My concern is not cladistics. It’s with the idea that the lack of sharp boundaries is supposed to undermine the idea of the “realness” of some group. I am not objecting to the biological system of classification (I’d be happy to agree the clade fish is real), I am arguing for the idea of some sort of physical realness to methods of categorization even despite it having to involve some degree of arbitrariness at the boundaries. No, not at the fundamental level. At the fundamental level everything is just quantum fields or whatever, but things don’t have to be real at the fundamental level to be real, or to matter to us, or to have real-world consequences we have to deal with and can’t just pretend isn’t of any value or consequence and we just have to convince ourselves is some sort of illusion of our perception.
You argued at length by drawing from an analogy using colors that color groups aren’t real, because they can in principle blend into each other over infinitely many gradations. That is the reason you stated for why color groups aren’t real. And so the decision of where one group begins and another ends would have to be totally arbitrary. The idea seems to be that if there is not sharp dividing line in principle then the group isn’t real.
But I do think some groups are real, even if there is no actual sharp dividing line between them. At the very least there is something physically real about the phenomenon in question that lends itself to a more intuitive categorization. How things in reality are colored, for example, seems to lend itself to some sort of categorization: As I argued before, many objects in our surroundings are relatively uniformly colored, and while colors are part of some huge space of possible colors that don’t have obvious or clear boundaries, rarely do we find real things that are perfectly uniformly colored all possible colors in equal amounts.
The world is in many cases such that while there isn’t a perfectly sharp boundary between things (areas in light and areas in shade), there is a relatively narrow transition zone where one part shifts gradually into another but much larger area in relatively uniform illumination or shade. In such cases the distribution of light lends itself in an intuitive sense to categorization. This part A is “in shade” provided by the trunk of that tree, that part B is not, and the transition zone C between them occupies a much smaller area.
The exact dividing line is an arbitrary decision to a degree, but I think any reasonable person would have to admit it would not make sense to put the dividing line right in the middle of the letters A or B, and while the exact spot you pick for a dividing line is arbitrary to a degree, it would be “natural” to put it somewhere in C (which could be even more narrow).
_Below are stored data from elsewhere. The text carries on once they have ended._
(* Suppose $a\in C^2(\mathbb{R})$. Let $\tilde\alpha=(\tilde\alpha_1,\tilde\alpha_2)\in\mathbb{R}^2$ be such that $a'(\tilde\alpha_2)>0$. Given $s_0,t_0>0$ sufficiently small depending on the function $a$ and $\tilde\alpha_2$, there exists $0<\epsilon_0<1$ depending on the function $a$, $\tilde\alpha_2$, $s_0$ and $t_0$ such that, for all $\epsilon\leq \epsilon_0$, there exists a collection of weights $\{[\gamma^{\epsilon}]_j\}_{j=0}^4 \subset \mathbb{R}_{+}$ with $\sum_{j=1}^{4}[\gamma^{\epsilon}]_j=\epsilon$ and $[\gamma^{\epsilon}]_0=1-\epsilon$ such that \begin{equation*} \mu^{\epsilon}:=\sum_{j=0}^{4} [\gamma^{\epsilon}]_j\delta_{\zeta_j} \in \mathcal{M}^{pc}(\mathcal{K}^{\tilde\alpha}_1). \end{equation*}
   Context: Let $a:\mathbb{R}\to\mathbb{R}$ and let $F(\xi)=\int_0^\xi a(s)\,ds$. For $\alpha\in\mathbb{R}^2$ define $$P_1^{\alpha}(u,v):=\begin{pmatrix} u-\alpha_1 & v-\alpha_2 \\ a(v)-a(\alpha_2) & u-\alpha_1\\ (u-\alpha_1)(a(v)-a(\alpha_2)) & \frac{(u-\alpha_1)^2}{2}+F(v)-F(\alpha_2)-a(\alpha_2)(v-\alpha_2) \end{pmatrix}$$ and $\mathcal{K}^{\alpha}_1:=\{P_1^{\alpha}(u,v):u,v\in\mathbb{R}\}\subset M^{3\times 2}$. For a set $\mathcal{K}$ of matrices, $\mathcal{M}^{pc}(\mathcal{K})$ denotes the set of probability measures $\mu$ supported on $\mathcal{K}$ such that $\int M(X)\,d\mu(X)=M\left(\int X\,d\mu(X)\right)$ for every minor $M$ (Null Lagrangian measures). Given $s_0,t_0>0$, set $\zeta_0:=P_1^{\tilde\alpha}(\tilde\alpha_1,\tilde\alpha_2)=0$, $\zeta_1:=P_1^{\tilde\alpha}(\tilde\alpha_1+s_0,\tilde\alpha_2)$, $\zeta_2:=P_1^{\tilde\alpha}(\tilde\alpha_1-s_0,\tilde\alpha_2)$, $\zeta_3:=P_1^{\tilde\alpha}(\tilde\alpha_1,\tilde\alpha_2+t_0)$, $\zeta_4:=P_1^{\tilde\alpha}(\tilde\alpha_1,\tilde\alpha_2-t_0)$. *)

From Stdlib Require Import Reals.
From Coquelicot Require Import Coquelicot.
From mathcomp Require Import all_boot all_order all_algebra.
From mathcomp Require Import Rstruct.

Set Implicit Arguments.
Unset Strict Implicit.
Unset Printing Implicit Defensive.

Import GRing.Theory Num.Theory.
Local Open Scope ring_scope.

Definition C2 (a : R -> R) : Prop :=
  (forall x, ex_derive a x) /\
  (forall x, ex_derive (Derive a) x) /\
  (forall x, continuous (Derive (Derive a)) x).

Definition Fprim (a : R -> R) (xi : R) : R := RInt a 0%R xi.

Definition P1 (a : R -> R) (al1 al2 : R) (u v : R) : 'M[R]_(3, 2) :=
  \matrix_(i < 3, j < 2)
    match nat_of_ord i, nat_of_ord j with
    | 0%N, 0%N => u - al1
    | 0%N, _   => v - al2
    | 1%N, 0%N => a v - a al2
    | 1%N, _   => u - al1
    | _,   0%N => (u - al1) * (a v - a al2)
    | _,   _   => (u - al1) ^+ 2 / 2 + Fprim a v - Fprim a al2
                   - a al2 * (v - al2)
    end.

Definition K1 (a : R -> R) (al1 al2 : R) (X : 'M[R]_(3, 2)) : Prop :=
  exists u v, X = P1 a al1 al2 u v.

Definition minor (k : nat) (f : 'I_k -> 'I_3) (g : 'I_k -> 'I_2)
  (X : 'M[R]_(3, 2)) : R := \det (mxsub f g X).

Definition incr_idx (k m : nat) (f : 'I_k -> 'I_m) : Prop :=
  forall i j : 'I_k, (i < j)%N -> (f i < f j)%N.

(* The discrete measure  mu = sum_{j<n} gamma_j delta_{zeta_j}  belongs to
   M^pc(K): it is a probability measure (nonnegative weights summing to 1)
   supported on K, and int M dmu = M(int X dmu) for every minor M. *)
Definition pc_discrete (K : 'M[R]_(3, 2) -> Prop) (n : nat)
  (gamma : 'I_n -> R) (zeta : 'I_n -> 'M[R]_(3, 2)) : Prop :=
  (forall j, 0 <= gamma j) /\
  \sum_(j < n) gamma j = 1 /\
  (forall j, 0 < gamma j -> K (zeta j)) /\
  (forall (k : nat) (f : 'I_k -> 'I_3) (g : 'I_k -> 'I_2),
      (1 <= k <= 2)%N -> incr_idx f -> incr_idx g ->
      \sum_(j < n) gamma j * minor f g (zeta j)
      = minor f g (\sum_(j < n) gamma j *: zeta j)).

Definition zetas (a : R -> R) (al1 al2 s0 t0 : R) (j : 'I_5) : 'M[R]_(3, 2) :=
  match nat_of_ord j with
  | 0%N => P1 a al1 al2 al1 al2
  | 1%N => P1 a al1 al2 (al1 + s0) al2
  | 2%N => P1 a al1 al2 (al1 - s0) al2
  | 3%N => P1 a al1 al2 al1 (al2 + t0)
  | _   => P1 a al1 al2 al1 (al2 - t0)
  end.

From Stdlib Require Import Reals Lra Psatz.
From Coquelicot Require Import Coquelicot.
From mathcomp Require Import all_boot all_order all_algebra.
From mathcomp Require Import Rstruct.

(* Write c1 = a(al2 + t0) - a(al2), c2 = a(al2) - a(al2 - t0) and g1, g2 for the
   second-order Taylor remainders of F at al2 +- t0; all four are positive for small
   t0 because a'(al2) > 0.  With masses 1 - eps, m/2, m/2, p, q at zeta_0, ..., zeta_4,
   the minor conditions are automatic except for the 2x2 minors of rows (0,1) and
   (1,2), which are the two [moment_equations] (with s2 = s0^2, t = t0).
   Writing q = l p, the first one together with m + p + q = eps is a quadratic
   equation for p, whose small root is an O(eps) perturbation of the solution at
   eps = 0; substituting it, the second one becomes [defect l = 0], an O(eps)
   perturbation of l c2 g2 = c1 g1.  For small eps the defect changes sign on
   [r/2, 2r] with r = c1 g1 / (c2 g2), and the intermediate value theorem gives l. *)

Section RealAnalysis.
Local Open Scope R_scope.

(* The root of [A x^2 - B x + C] that tends to [C / B] as [A] goes to 0, in a form
   valid also for [A = 0] and [A < 0]. *)
Definition small_root (A B C : R) : R := 2 * C / (B + sqrt (B ^ 2 - 4 * A * C)).

Lemma small_root_denom_pos A B C : 0 < B -> 0 < B + sqrt (B ^ 2 - 4 * A * C).
Proof. have := sqrt_pos (B ^ 2 - 4 * A * C); lra. Qed.

Lemma small_root_eq A B C : 0 < B -> 0 <= B ^ 2 - 4 * A * C ->
  A * small_root A B C ^ 2 - B * small_root A B C + C = 0.
Proof.
move=> B_pos disc_ge0.
have den := small_root_denom_pos A B C B_pos.
have sq := sqrt_sqrt _ disc_ge0.
rewrite /small_root.
set D := sqrt _ in den sq *.
field_simplify_eq; [|lra].
rewrite (_ : D ^ 2 = D * D); [rewrite sq; ring | ring].
Qed.

Lemma small_root_pos A B C : 0 < B -> 0 < C -> 0 < small_root A B C.
Proof.
move=> B_pos C_pos.
apply Rdiv_lt_0_compat; [lra | exact: small_root_denom_pos].
Qed.

Lemma small_root_le A B C : 0 < B -> 0 <= C -> small_root A B C <= 2 * C / B.
Proof.
move=> B_pos C_ge0; apply Rmult_le_compat_l; [lra|].
apply Rinv_le_contravar; [lra|]; have := sqrt_pos (B ^ 2 - 4 * A * C); lra.
Qed.

Definition moment_equations (c1 c2 g1 g2 s2 t m p q : R) : Prop :=
  m * s2 - t * (p * c1 + q * c2) = - t * (p - q) * (p * c1 - q * c2) /\
  p * c1 * g1 - q * c2 * g2 = (p * c1 - q * c2) * (m * s2 / 2 + p * g1 + q * g2).

Section MomentEquations.
Variables c1 c2 g1 g2 s2 t : R.
Hypotheses (c1_pos : 0 < c1) (c2_pos : 0 < c2) (g1_pos : 0 < g1) (g2_pos : 0 < g2).
Hypotheses (s2_pos : 0 < s2) (t_pos : 0 < t).

Definition balanced_ratio : R := c1 * g1 / (c2 * g2).

Lemma balanced_ratio_pos : 0 < balanced_ratio.
Proof. apply Rdiv_lt_0_compat; nra. Qed.

Lemma balanced_ratioE : balanced_ratio * (c2 * g2) = c1 * g1.
Proof. rewrite /balanced_ratio; field; nra. Qed.

Definition ratio_max : R := 2 * balanced_ratio.
Definition bound_a : R := (1 + ratio_max) * (c1 + ratio_max * c2).
Definition bound_mean : R := (c1 + ratio_max * c2) * (s2 / 2 + 2 * (g1 + ratio_max * g2)).

Section FixedMass.
Variable eps : R.

Definition quad_a (l : R) : R := eps * t * ((1 - l) * (c1 - l * c2)).
Definition quad_b (l : R) : R := s2 * (1 + l) + t * (c1 + l * c2).
Definition p_weight (l : R) : R := small_root (quad_a l) (quad_b l) s2.
Definition m_weight (l : R) : R := 1 - p_weight l * (1 + l).
Definition defect (l : R) : R :=
  l * c2 * g2 - c1 * g1 + eps * (c1 - l * c2) * (m_weight l * s2 / 2 + p_weight l * (g1 + l * g2)).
In other instances the natural world is much more blurry, and the areas in more uniform illumination are much smaller and the transition zones much broader. In some instances there seems to only be these areas where no obvious boundary is discernible. The shadow on the left of B has a much more blurry edge. Presumably one could have endless arguments about where to draw the line there, and reasonable people have lots of space for disagreement. So not everything lends itself obviously and intuitively to categorization. And it comes in degrees. Some things are totally ambiguous, some are less so, and some are such that essentially everyone who isn’t mentally ill can agree on the distinctions.
So if we return to the case of fish, we can see that even here there is some sense of arbitrariness involved. Even here we have to decide on how far back that clade should go, and we do that by picking characters shared among some collection of organisms and not shared by others. And we can know that this apparent dividing line of characters is a product of fossilization and extinction. That there was, once upon a time, organisms in existence that would have blurred out that dividing line between ancestor and descendant. Hence just like with colors, organisms exist on some conceivably infinite spectrum of anatomical traits that usually doesn’t exist in reality. Nevertheless, despite this arbitrariness of where exactly the clade fish first began, we nevertheless do have the distribution of characters in extant and fossil organisms that we do(in a way similar to how things in our surroundings are colored), and this distribution lends itself to categorization. So the clade fish is real. At least real enough that we can reliably identify it’s members and non-members.
And I think we can say similar things about the categories male and female. Going back to the shadow analogy, I think many more people fall into the A and B parts than into C, and while the distinction would ultimately have to be arbitrary, I think that for purposes where having such categories becomes important (for matters of law, policy, health care and what have you), we’re going to have to decide where to put that line. And just flat out denying that those categories refers to something real isn’t a reasonable alternative.